2019 marked the 50 year anniversary of Pride and it was great to see so many people around the country celebrating, Bristols’s pride was a huge success and a great day with around over 40,000 people estimated to have been there this year.
There are many people who don’t really know the origins of Pride, how it came about or why it is celebrated. In America in the late 1960’s homophobia was rife; homosexuality was illegal and there were no laws protecting gay people. In June 1969 the gay community decided it was time to fight back against police persecution.
The Stonewall Inn, a gay bar in New York that was protected by the Mafia was regularly being raided by the police. One particular night the community decided to fight back which led to clashes between them and the police sparking riots. Word spread and more and more people joined the protestors and it is estimated that there were 2,000 people there the following night.
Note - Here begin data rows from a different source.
(* For each real number $\epsilon>0$ there is a positive integer $n$ and a subset $S\subseteq\mathbb{Z}/n\mathbb{Z}$ with $|S|\ge(1-\epsilon)n$ such that the congruence $abc\equiv d^2\pmod n$ has no solution with $a,b,c,d\in S$ (not necessarily distinct). *)

From mathcomp Require Import all_boot.
From Stdlib Require Import Reals.
Set Implicit Arguments. Unset Strict Implicit. Unset Printing Implicit Defensive.

(* Z/nZ is represented by the residues 'I_n = {0,...,n-1}; congruence mod n is
   ssrnat's  x = y %[mod n]  on the representatives. *)
Definition no_abc_d2 (n : nat) (S : {set 'I_n}) : Prop :=
  forall a b c d : 'I_n, a \in S -> b \in S -> c \in S -> d \in S ->
    ~ (a * b * c = d * d %[mod n]).

(* Fix a finite set P of primes, let n = prod_(p in P) p^3, let omega x be the
   number of p in P dividing x, and mu = sum_(p in P) 1/p its mean over Z/nZ.
   - Local obstruction: if abc = d^2 (mod p^3) and p^2 does not divide d, then
     [p | a] + [p | b] + [p | c] <= 2 [p | d]; summing over P gives
     omega a + omega b + omega c <= 2 omega d.
   - Hence good_set = {x : no p^2 divides x, |omega x - mu| < mu/8} has no
     solution, as 21 mu / 8 < 18 mu / 8 is impossible.
   - Counting: at most n sum 1/p^2 residues are divisible by some p^2, and the
     second moment sum_x (omega x - mu)^2 <= n mu (divisibility by distinct
     primes is uncorrelated) leaves at most 64 n / mu far from the mean.
   - Analytic input: sum_(p in (B, N]) 1/p is unbounded in N (via Euler's
     inequality H_N <= prod_(p <= N) (1 - 1/p)^-1 and H_(2^k) >= k/2), while
     sum_(p > B) 1/p^2 <= 1/B.  Taking P = the primes in (2K, N] for N large
     gives density >= 1 - 1/K, and K is chosen with 1/K < eps. *)

From mathcomp Require Import all_boot all_order all_algebra.
From mathcomp Require Import ring lra.
Set Implicit Arguments. Unset Strict Implicit. Unset Printing Implicit Defensive.
Import Order.TTheory GRing.Theory Num.Theory.

Lemma congr_dvdm m k x y : k %| m -> x = y %[mod m] -> x = y %[mod k].
Proof. by move=> km e; rewrite -(modn_dvdm x km) e modn_dvdm. Qed.

Lemma congr_dvdn m x y : x = y %[mod m] -> (m %| x) = (m %| y).
Proof. by move=> e; rewrite /dvdn e. Qed.

(* Indeed
   p | d iff p | abc, and p | a, b, c would give p^3 | d^2, hence p^2 | d. *)
Lemma local_divisor_bound p a b c d : prime p ->
  a * b * c = d * d %[mod p ^ 3] -> ~~ (p ^ 2 %| d) ->
  (p %| a) + (p %| b) + (p %| c) <= 2 * (p %| d).
Proof.
move=> pp e nd.
have e1 : a * b * c = d * d %[mod p].
  by rewrite -[p]expn1; apply: congr_dvdm e; rewrite dvdn_exp2l.
have dvd_d : (p %| d) = [|| p %| a, p %| b | p %| c].
  by rewrite orbA -!Euclid_dvdM // (congr_dvdn e1) Euclid_dvdM // orbb.
case: (boolP (p %| d)) => pd; last first.
  by move: pd; rewrite dvd_d !negb_or => /and3P[/negbTE-> /negbTE-> /negbTE->].
case: (boolP (p %| a)) => pa; case: (boolP (p %| b)) => pb;
  case: (boolP (p %| c)) => pc //=.
have p3_d2 : p ^ 3 %| d * d.
  by rewrite -(congr_dvdn e) (_ : 3 = 1 + 1 + 1) // !expnD !dvdn_mul.
case/negP: nd; case/dvdnP: pd p3_d2 => e' ->.
rewrite mulnACA mulnn (_ : 3 = 1 + 2) // expnD dvdn_pmul2r ?expn_gt0 ?prime_gt0 //.
by rewrite expn1 Euclid_dvdX // andbT => pe; rewrite -mulnn dvdn_mul.
Qed.

Lemma count_multiples n d : d %| n -> \sum_(x < n) (d %| x) = n %/ d.
Proof.
move=> dn; rewrite divn_count_dvd -(big_mkord predT (fun x => nat_of_bool (d %| x))).
apply/eqP; rewrite -(eqn_add2r (d %| n)) -big_nat_recr //= big_ltn //= dvdn0 addnC.
by rewrite dn big_add1.
Qed.

Lemma has_le_sum (T : Type) (a : pred T) (s : seq T) :
  has a s <= \sum_(i <- s) a i.
Proof.
by elim: s => [|x s IH]; rewrite ?big_nil ?big_cons //=; case: (a x).
Qed.

Lemma prod_logn N m : m < N -> \prod_(i < N.+1) i ^ logn i m.+1 = m.+1.
Proof.
move=> mN; rewrite -[RHS](partnT (ltn0Sn m)) /partn.
rewrite -(big_mkord predT (fun i => i ^ logn i m.+1)) (@big_cat_nat _ _ _ m.+2) //=.
rewrite [X in _ * X]big1_seq ?muln1 //.
move=> i /andP[_]; rewrite mem_index_iota => /andP[mi _].
by rewrite ltn_log0 // ltnW.
Qed.

Local Open Scope ring_scope.

Lemma near_window (R : realFieldType) (y m : R) :
  0 <= m -> (y - m) ^+ 2 < (m / 8) ^+ 2 -> 7 * m / 8 < y /\ y < 9 * m / 8.
Proof. by move=> m0 h; split; nra. Qed.

Section PrimeSet.
Variable P : seq nat.

(* For a finite set P of primes: the modulus n = prod_(p in P) p^3, the number
   omega x of primes of P dividing x, its average mu = sum 1/p over the residues
   mod n, and the density tau = sum 1/p^2 of residues divisible by some p^2. *)
Definition cube_modulus : nat := \prod_(p <- P) p ^ 3.
Definition omega (x : nat) : nat := \sum_(p <- P) (p %| x).
Definition mean_omega : rat := \sum_(p <- P) p%:R^-1.
Definition square_density : rat := \sum_(p <- P) (p ^ 2)%:R^-1.

Local Notation n := cube_modulus.
Local Notation mu := mean_omega.

Lemma dvd_cube_modulus p k : p \in P -> (k <= 3)%N -> (p ^ k %| n)%N.
Proof.
move=> pP k3; rewrite (dvdn_trans (dvdn_exp2l p k3)) //.
by rewrite /cube_modulus (big_rem p) //= dvdn_mulr.
Qed.

Hypothesis P_prime : all prime P.

Lemma prime_gt0_in p : p \in P -> (0 < p)%N.
Proof. by move=> pP; rewrite prime_gt0 ?(allP P_prime). Qed.

Lemma cube_modulus_gt0 : (0 < n)%N.
Proof.
rewrite /cube_modulus big_seq_cond prodn_cond_gt0 // => p /andP[pP _].
by rewrite expn_gt0 (prime_gt0_in pP).
Qed.

Lemma sum_dvd_indicator d : (d %| n)%N -> (0 < d)%N ->
  \sum_(x < n) (d %| x)%N%:R = n%:R / d%:R :> rat.
Proof.
move=> dn d0; rewrite -natr_sum count_multiples // natr_div //.
by rewrite unitfE pnatr_eq0 -lt0n.
Qed.

Definition centered (p x : nat) : rat := (p %| x)%N%:R - p%:R^-1.

Lemma centered_cross p q : p \in P -> q \in P -> p != q ->
  \sum_(x < n) centered p x * centered q x = 0.
Proof.
move=> pP qP pq; have [p0 q0] := (prime_gt0_in pP, prime_gt0_in qP).
have cop : coprime p q by rewrite prime_coprime ?dvdn_prime2 ?(allP P_prime).
have p_n : (p %| n)%N := dvd_cube_modulus (k := 1) pP isT.
have q_n : (q %| n)%N := dvd_cube_modulus (k := 1) qP isT.
have pq_n : (p * q %| n)%N by rewrite Gauss_dvd // p_n.
under eq_bigr => x _ do rewrite /centered mulrBl !mulrBr -natrM mulnb
  -Gauss_dvd // [_^-1 * _]mulrC.
rewrite !sumrB -!mulr_suml !sum_dvd_indicator ?muln_gt0 ?p0 //.
rewrite sumr_const card_ord -mulr_natl natrM.
have [pr0 qr0] : p%:R != 0 :> rat /\ q%:R != 0 :> rat by rewrite !pnatr_eq0 -!lt0n.
by field; apply/andP.
Qed.

Lemma centered_square p : p \in P ->
  \sum_(x < n) centered p x ^+ 2 <= n%:R / p%:R.
Proof.
move=> pP; have p0 := prime_gt0_in pP.
have idem x : (p %| x)%N%:R ^+ 2 = (p %| x)%N%:R :> rat.
  by rewrite -natrX expnSr expn1 mulnb andbb.
have -> : \sum_(x < n) centered p x ^+ 2 = n%:R / p%:R - n%:R / p%:R / p%:R.
  under eq_bigr => x _ do rewrite /centered sqrrB idem.
  have p_n : (p %| n)%N := dvd_cube_modulus (k := 1) pP isT.
  rewrite big_split sumrB /= sumrMnl -mulr_suml sum_dvd_indicator //.
  rewrite sumr_const card_ord.
  rewrite -[_ ^+ 2 *+ n]mulr_natr -[_ *+ 2]mulr_natr.
  have pr0 : p%:R != 0 :> rat by rewrite pnatr_eq0 -lt0n.
  by field.
by rewrite lerBlDr lerDl divr_ge0 ?divr_ge0 ?ler0n.
Qed.

Hypothesis P_uniq : uniq P.

(* The second moment of omega about its mean is at most n mu: expanding the
   square, only the diagonal terms p = q survive. *)
Lemma second_moment : \sum_(x < n) ((omega x)%:R - mu) ^+ 2 <= n%:R * mu.
Proof.
have expand x : ((omega x)%:R - mu) ^+ 2 =
    \sum_(p <- P) \sum_(q <- P) centered p x * centered q x.
  rewrite /omega natr_sum /mean_omega -sumrB expr2 mulr_suml.
  by apply: eq_bigr => p _; rewrite mulr_sumr.
under eq_bigr do rewrite expand.
rewrite exchange_big /mean_omega mulr_sumr big_seq [X in _ <= X]big_seq.
apply: ler_sum => p pP; rewrite exchange_big (bigD1_seq p) //=.
rewrite [X in _ + X]big_seq_cond [X in _ + X]big1 ?addr0.
  by under eq_bigr do rewrite -expr2; apply: centered_square.
by move=> q /andP[qP qp]; apply: centered_cross; rewrite // eq_sym.
Qed.

Definition squarefree_on (x : nat) : bool := ~~ has (fun p => p ^ 2 %| x)%N P.

Lemma omega_bound a b c d : (a * b * c = d * d %[mod n])%N -> squarefree_on d ->
  (omega a + omega b + omega c <= 2 * omega d)%N.
Proof.
move=> e sq_d; rewrite /omega -!big_split big_distrr /= big_seq [X in (_ <= X)%N]big_seq.
apply: leq_sum => p pP; apply: local_divisor_bound; first exact: (allP P_prime).
  exact: congr_dvdm (dvd_cube_modulus pP (leqnn 3)) e.
by apply: contra sq_d => p2d; apply/hasP; exists p.
Qed.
It was the Stonewall riots that sparked the gay revolution, groups were formed, and marches were held all calling for gay rights. The following year on the anniversary of the Stonewall riots the Christopher Street Liberation Day march was held. There was no music, dancing or people having fun, but thousands of people carrying banners and signs, marching and chanting for gay rights. This was to become an annual event and eventually evolved into the Pride parades across the world that we are familiar with today.
Today the Pride events are a celebration, a celebration of progress, and acceptance, things have moved on in the last 50 years and in many parts of the world the LGBTQ+ community is being accepted, we have rights and it is thankfully no longer illegal to be in a relationship or marry the person we love. The event has grown from one day and Pride month attracts millions of participants from all over the world. With parades, parties and concerts it is easy to forget our ancestors who fought for our rights and so memorials are also held during Pride month to commemorate those members of our community who lost their lives due to hate crimes against them.
People will sometimes ask why isn’t there a straight Pride? Pride is not a party to celebrate being gay, it’s a nod to those who have fought for the rights of the LGBTQ+ community. It’s a time when people can be 100% themselves without worrying about how they’re dressed, how they act, who they’re with and are they going to be followed and beaten because of who they are and who they love? Will they be sacked from their job for being in a same sex relationship?
Straight people don’t “come out” and face rejection from their families and friends, they are not judged as sinners by religious groups. Straight people have never been put in prison for simply being in love or given conversion therapy to “cure” them. And straight people don’t have their sexual orientation used as an insult when describing something negative.
Straight Pride happens every day of the year.